From the previous year’s surprising 59 percent, the passing rate for the recent bar exam dropped to 25.5 percent, with 3,747 out of 6,344 examinees making the cut.

But for those now scheduled to take the lawyer’s oath on June 1, simply making it through the gauntlet that is the bar exam is enough cause for celebration.

Mark John Simondo of University of St. La Salle in Bacolod placed first with a remarkable 91.05 percent, the highest score in more than a decade. The last person to break the 90 percent mark was Arlene Maneja of the University of Santo Tomas, who placed first with 92.90 percent in the 2002 exam.

A wave of congratulations has poured in for the newest addition to the celebrated list of bar first-placers.

For bar passers, surviving the extreme duress one is placed under during bar review is what matters.

One couple, both graduates of the De La Salle University College of Law, related how they put some distance in their relationship to help each other reach their mutual dream of passing the bar.

Looking back at her preparation, Michelle Vale Cruz of the newest batch of La Sallian lawyers spoke about the first year of law school as the start of bar review.

Another new attorney, an alumna of San Beda College of Law, tearfully offered her triumph to the loved ones who supported her throughout her preparation for the bar.

Not even the best had it easy

Even for the cream of the crop, passing the bar is a feat in itself, and making the top ten possibly a miracle.

2014 first-placer Irene Mae Alcobilla upon passing related how she simply dreamed of passing the bar and never expecting to land in the top ten.

“I just wanted to be a Bedan lawyer, to pass the Bar and be called an attorney,” said Alcobilla, also a graduate of San Beda, in an interview in 2014.

Alcobilla related how she would lose sleep on the nights before each exam, held on the four Sundays of October that year.

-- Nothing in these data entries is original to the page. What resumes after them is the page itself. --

(* Let $\ell$ be a commutative unital ring, $A,B$ (associative, not necessarily unital) $\ell$-algebras, and $n,r,s\geq 0$. Let $C:=B^{\mathfrak{S}_n}_r$ and let $H:A\to C^{\mathrm{sd}^sI}$ be an $\ell$-algebra homomorphism (a homotopy between the two homomorphisms $(d^0)^*\circ H,(d^1)^*\circ H:A\to C$, where $d^0,d^1:\Delta^0=\mathrm{sd}^s\Delta^0\to\mathrm{sd}^sI$ are induced by the two vertex inclusions of $I=\Delta^1$). Then there exists an $\ell$-algebra homomorphism $\widetilde{H}:A\to\widetilde{B}^{\mathfrak{S}_n}_{r+s}$ such that for $i=0,1$ \[(d^i)^*\circ\widetilde{H}=\tau\circ(d^i)^*\circ H,\] where on the left $(d^i)^*:\widetilde{B}^{\mathfrak{S}_n}_{r+s}\to B^{\mathfrak{S}_n}_{r+s}$ is induced by $\mathrm{id}\times d^i: I^n\cong I^n\times\Delta^0\to I^n\times I$, and $\tau:B^{\mathfrak{S}_n}_r\to B^{\mathfrak{S}_n}_{r+s}$ is the composite of $s$ transition maps of the directed diagram $B^{\mathfrak{S}_n}_\bullet$ (induced by the iterated last vertex map).
   Context: $\mathbb{Z}^\Delta$ is the simplicial ring $[p]\mapsto \mathbb{Z}[t_0,\dots,t_p]/\langle 1-\sum t_i\rangle$ (an order preserving $\varphi:[p]\to[q]$ acts by $t_i\mapsto\sum_{\varphi(j)=i}t_j$). For an $\ell$-algebra $D$, $D^\Delta$ is the simplicial $\ell$-algebra $[p]\mapsto D\otimes_{\mathbb{Z}}\mathbb{Z}^{\Delta^p}$, and for a simplicial set $X$, $D^X:=\mathrm{Hom}_{\mathbb{S}}(X,D^\Delta)$ with pointwise operations. $\mathrm{sd}$ is the subdivision functor and $\gamma:\mathrm{sd}\to\mathrm{id}$ the last vertex map. For a finite simplicial set $K$ with simplicial subset $L$, $D^{(K,L)}_r:=\ker(D^{\mathrm{sd}^rK}\to D^{\mathrm{sd}^rL})$, and $D^{(K,L)}_\bullet$ is the directed diagram $D^{(K,L)}_0\to D^{(K,L)}_1\to\cdots$ with maps induced by $\gamma_{\mathrm{sd}^rK}:\mathrm{sd}^{r+1}K\to\mathrm{sd}^rK$. $I=\Delta^1$, $\partial I=\{0,1\}$, $I^n$ is the $n$-fold product ($I^0=\Delta^0$), $\partial I^n=\bigcup_j I\times\cdots\times\partial I\times\cdots\times I$ ($\partial I^0=\emptyset$). Notation: $B^{\mathfrak{S}_n}_r:=B^{(I^n,\partial I^n)}_r$ and $\widetilde{B}^{\mathfrak{S}_n}_r:=B^{(I^n\times I,\partial I^n\times I)}_r$. *)

From HB Require Import structures.
From mathcomp Require Import all_boot all_order all_algebra.
From mathcomp Require Import mpoly.
From Stdlib Require Import ClassicalEpsilon.

Set Implicit Arguments.
Unset Strict Implicit.
Unset Printing Implicit Defensive.

Import GRing.Theory.

(*    All simplicial sets in the statement (I^n, I^n x I, Delta^0, I, and   *)
(*    their iterated subdivisions) are nerves of finite posets.             *)

Record fposet := FPoset {
  pcar :> finType;
  ple : rel pcar;
  ple_refl : reflexive ple;
  ple_anti : antisymmetric ple;
  ple_trans : transitive ple }.

(* order preserving maps = simplicial maps between nerves *)
Record mono (P Q : fposet) := Mono {
  mfun :> P -> Q;
  mfunP : forall x y, ple x y -> ple (mfun x) (mfun y) }.

Definition mono_id (P : fposet) : mono P P := @Mono P P id (fun _ _ h => h).

Definition mono_comp (P Q R : fposet) (g : mono Q R) (f : mono P Q) : mono P R :=
  @Mono P R (fun x => g (f x)) (fun x y h => mfunP g (mfunP f h)).

Lemma ordP_anti q : antisymmetric (fun i j : 'I_q.+1 => (i <= j)%N).
Proof. by move=> i j /anti_leq/val_inj. Qed.
Definition ordP (q : nat) : fposet :=
  @FPoset 'I_q.+1 (fun i j => (i <= j)%N) (fun i => leqnn i) (@ordP_anti q)
    (fun j i k => @leq_trans j i k).

(* p-simplices of the nerve N P : order preserving maps [p] -> P *)
Definition simplex (P : fposet) (p : nat) :=
  {x : {ffun 'I_p.+1 -> P} | [forall i : 'I_p.+1, forall j : 'I_p.+1,
                                 (i <= j)%N ==> ple (x i) (x j)]}.

Lemma simcomp_proof (P : fposet) p q (x : simplex P q) (phi : simplex (ordP q) p) :
  [forall i : 'I_p.+1, forall j : 'I_p.+1,
     (i <= j)%N ==> ple ([ffun k => val x (val phi k)] i)
                        ([ffun k => val x (val phi k)] j)].
Proof.
apply/forallP=> i; apply/forallP=> j; apply/implyP=> hij; rewrite !ffunE.
have /forallP/(_ i)/forallP/(_ j)/implyP/(_ hij) := valP phi.
by move=> h; have /forallP/(_ (val phi i))/forallP/(_ (val phi j))/implyP := valP x; apply.
Qed.

(* the simplicial operator phi^* of N P, for phi : [p] -> [q] *)
Definition simcomp (P : fposet) p q (x : simplex P q) (phi : simplex (ordP q) p)
  : simplex P p := Sub [ffun k => val x (val phi k)] (simcomp_proof x phi).

Lemma monocomp_proof (P Q : fposet) (g : mono P Q) p (x : simplex P p) :
  [forall i : 'I_p.+1, forall j : 'I_p.+1,
     (i <= j)%N ==> ple ([ffun k => g (val x k)] i) ([ffun k => g (val x k)] j)].
Proof.
apply/forallP=> i; apply/forallP=> j; apply/implyP=> hij; rewrite !ffunE.
apply: mfunP.
by have /forallP/(_ i)/forallP/(_ j)/implyP := valP x; apply.
Qed.

(* the simplicial map N g : N P -> N Q on p-simplices *)
Definition monocomp (P Q : fposet) (g : mono P Q) p (x : simplex P p) : simplex Q p :=
  Sub [ffun k => g (val x k)] (monocomp_proof g x).

Lemma vertex_proof (P : fposet) (x : P) :
  [forall i : 'I_1, forall j : 'I_1,
     (i <= j)%N ==> ple ([ffun=> x] i) ([ffun=> x] j)].
Proof.
by apply/forallP=> i; apply/forallP=> j; apply/implyP=> _; rewrite !ffunE ple_refl.
Qed.
Definition vertex (P : fposet) (x : P) : simplex P 0 := Sub [ffun=> x] (vertex_proof x).

Definition simimg (P : fposet) p (x : simplex P p) : {set P} :=
  [set val x i | i : 'I_p.+1].

(* ---- subdivision: sd (N P) = N (poset of nonempty chains of P) -------- *)
(* A nonempty chain is stored together with its (unique) maximum. *)
Definition is_chain_top (P : fposet) (ct : {set P} * P) :=
  [&& ct.2 \in ct.1, [forall x in ct.1, ple x ct.2] &
      [forall x in ct.1, forall y in ct.1, ple x y || ple y x]].

Definition sdT (P : fposet) := {ct : {set P} * P | is_chain_top ct}.

Lemma sd_anti (P : fposet) :
  antisymmetric (fun a b : sdT P => (val a).1 \subset (val b).1).
Proof.
move=> [[c t] ht] [[c' t'] ht'] /=.
rewrite -eqEsubset => /eqP ec; subst c'; apply: val_inj => /=.
case/and3P: ht => tc tmax _; case/and3P: ht' => tc' tmax' _.
congr pair; apply: (@ple_anti P); apply/andP; split.
  by move/forall_inP: tmax'; apply.
by move/forall_inP: tmax; apply.
Qed.

Definition sd (P : fposet) : fposet :=
  @FPoset (sdT P) (fun a b => (val a).1 \subset (val b).1)
    (fun a => subxx _) (@sd_anti P) (fun b a c => @subset_trans _ _ _ _).

(* the last vertex map gamma : sd (N P) -> N P  (a chain |-> its maximum) *)
Lemma gamma_proof (P : fposet) (a b : sd P) :
  ple a b -> ple (val a).2 (val b).2.
Proof.
case: a b => [[c t] /= /and3P[tc _ _]] [[c' t'] /= /and3P[_ tmax' _]] /= sub.
by move/forall_inP: tmax'; apply; apply: (subsetP sub).
Qed.
Definition gamma (P : fposet) : mono (sd P) P :=
  @Mono (sd P) P (fun a => (val a).2) (@gamma_proof P).

Lemma sdmap_chain (P Q : fposet) (g : mono P Q) (a : sd P) :
  is_chain_top (g @: (val a).1, g (val a).2).
Proof.
case: a => [[c t] /= /and3P[tc tmax tcmp]] /=.
apply/and3P; split; first exact: imset_f.
  apply/forall_inP=> _ /imsetP[x xc ->]; apply: mfunP.
  by move/forall_inP: tmax; apply.
apply/forall_inP=> _ /imsetP[x xc ->]; apply/forall_inP=> _ /imsetP[y yc ->].
move/forall_inP: tcmp => /(_ x xc)/forall_inP/(_ y yc)/orP[h|h].
  by rewrite mfunP.
by rewrite orbC mfunP.
Qed.
Definition sdmap_fun (P Q : fposet) (g : mono P Q) (a : sd P) : sd Q :=
  Sub (g @: (val a).1, g (val a).2) (sdmap_chain g a).
Lemma sdmap_proof (P Q : fposet) (g : mono P Q) (a b : sd P) :
  ple a b -> ple (sdmap_fun g a) (sdmap_fun g b).
Proof. by move=> h; apply: imsetS. Qed.
Definition sdmap (P Q : fposet) (g : mono P Q) : mono (sd P) (sd Q) :=
  @Mono (sd P) (sd Q) (sdmap_fun g) (@sdmap_proof P Q g).

Lemma sdvertex_proof (P : fposet) (x : P) : is_chain_top ([set x], x).
Proof.
apply/and3P; split; first by rewrite set11.
  by apply/forall_inP=> y /set1P ->; rewrite ple_refl.
apply/forall_inP=> y /set1P ->; apply/forall_inP=> z /set1P ->.
by rewrite ple_refl.
Qed.
Definition sdvertex (P : fposet) (x : P) : sd P := Sub ([set x], x) (sdvertex_proof x).

Fixpoint sdn (s : nat) (P : fposet) : fposet :=
  match s with 0 => P | s'.+1 => sd (sdn s' P) end.

Fixpoint sdn_map (s : nat) (P Q : fposet) (g : mono P Q)
  : mono (sdn s P) (sdn s Q) :=
  match s return mono (sdn s P) (sdn s Q) with
  | 0 => g
  | s'.+1 => sdmap (sdn_map s' g)
  end.

Fixpoint gamman (s r : nat) (P : fposet) : mono (sdn (s + r) P) (sdn r P) :=
  match s return mono (sdn (s + r) P) (sdn r P) with
  | 0 => mono_id (sdn r P)
  | s'.+1 => mono_comp (gamman s' r P) (gamma (sdn (s' + r) P))
  end.

(* A simplicial subset L of N P is encoded by the predicate on vertex sets:
   a simplex x of N P lies in L iff  Lp (simimg x).  For such L, sd L is the
   simplicial subset of N (sd P) consisting of the chains of chains whose
   largest element (= the union of the chain) is a simplex of L. *)
Fixpoint sdsub (s : nat) (P : fposet) (Lp : {set P} -> bool)
  : {set sdn s P} -> bool :=
  match s return {set sdn s P} -> bool with
  | 0 => Lp
  | s'.+1 => fun C => @sdsub s' P Lp (\bigcup_(c in C) (val c).1)
  end.

(* iterated vertices: the unique point of sd^s (Delta^0) is iterated {.} *)
Fixpoint sdn_vertex (s : nat) (P : fposet) (x : P) : sdn s P :=
  match s return sdn s P with
  | 0 => x
  | s'.+1 => sdvertex (@sdn_vertex s' P x)
  end.

Definition unitP : fposet :=
  @FPoset unit (fun _ _ => true) (fun _ => erefl) (fun x y _ => match x, y with tt, tt => erefl end)
    (fun _ _ _ _ _ => erefl).

(* I = Delta^1 = N({0 < 1}) ; false = vertex 0, true = vertex 1 *)
Lemma Iposet_anti : antisymmetric (fun a b : bool => a ==> b).
Proof. by case; case. Qed.
Lemma Iposet_trans : transitive (fun a b : bool => a ==> b).
Proof. by case; case; case. Qed.
Definition Iposet : fposet :=
  @FPoset bool (fun a b => a ==> b) implybb Iposet_anti Iposet_trans.

(* I^n = N({0<1}^n), the n-fold product (I^0 = Delta^0) *)
Lemma cube_refl n : reflexive (fun f g : {ffun 'I_n -> bool} => [forall j, f j ==> g j]).
Proof. by move=> f; apply/forallP=> j; rewrite implybb. Qed.
Lemma cube_anti n : antisymmetric (fun f g : {ffun 'I_n -> bool} => [forall j, f j ==> g j]).
Proof.
move=> f g /andP[/forallP h1 /forallP h2]; apply/ffunP=> j.
by move: (h1 j) (h2 j); case: (f j); case: (g j).
Qed.
Lemma cube_trans n : transitive (fun f g : {ffun 'I_n -> bool} => [forall j, f j ==> g j]).
Proof.
move=> g f h /forallP h1 /forallP h2; apply/forallP=> j.
by move: (h1 j) (h2 j); case: (f j); case: (g j); case: (h j).
Qed.
Definition cube (n : nat) : fposet :=
  @FPoset {ffun 'I_n -> bool} (fun f g => [forall j, f j ==> g j])
    (@cube_refl n) (@cube_anti n) (@cube_trans n).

She finished with a score of 85.5%. She calls her having topped the bar “a miracle.”

Another topnotcher from the decade attests to the bar exam’s sheer difficulty.

2012 first placer Ignatius Michael Ingles of the Ateneo de Manila Law School related in an interview that year how he was surprised when found out that he had topped the bar, having found the exams “really, very, tough.”

He talked about having to answer a 100-item multiple choice question portion in remedial law before going on to the essay answer portion of the subject.

The terror of bar exams

Lawyer and law professor Oscar Franklin Tan, who took his Master of Laws degree at the prestigious Harvard Law School, shared his epiphanies upon returning to the Philippines.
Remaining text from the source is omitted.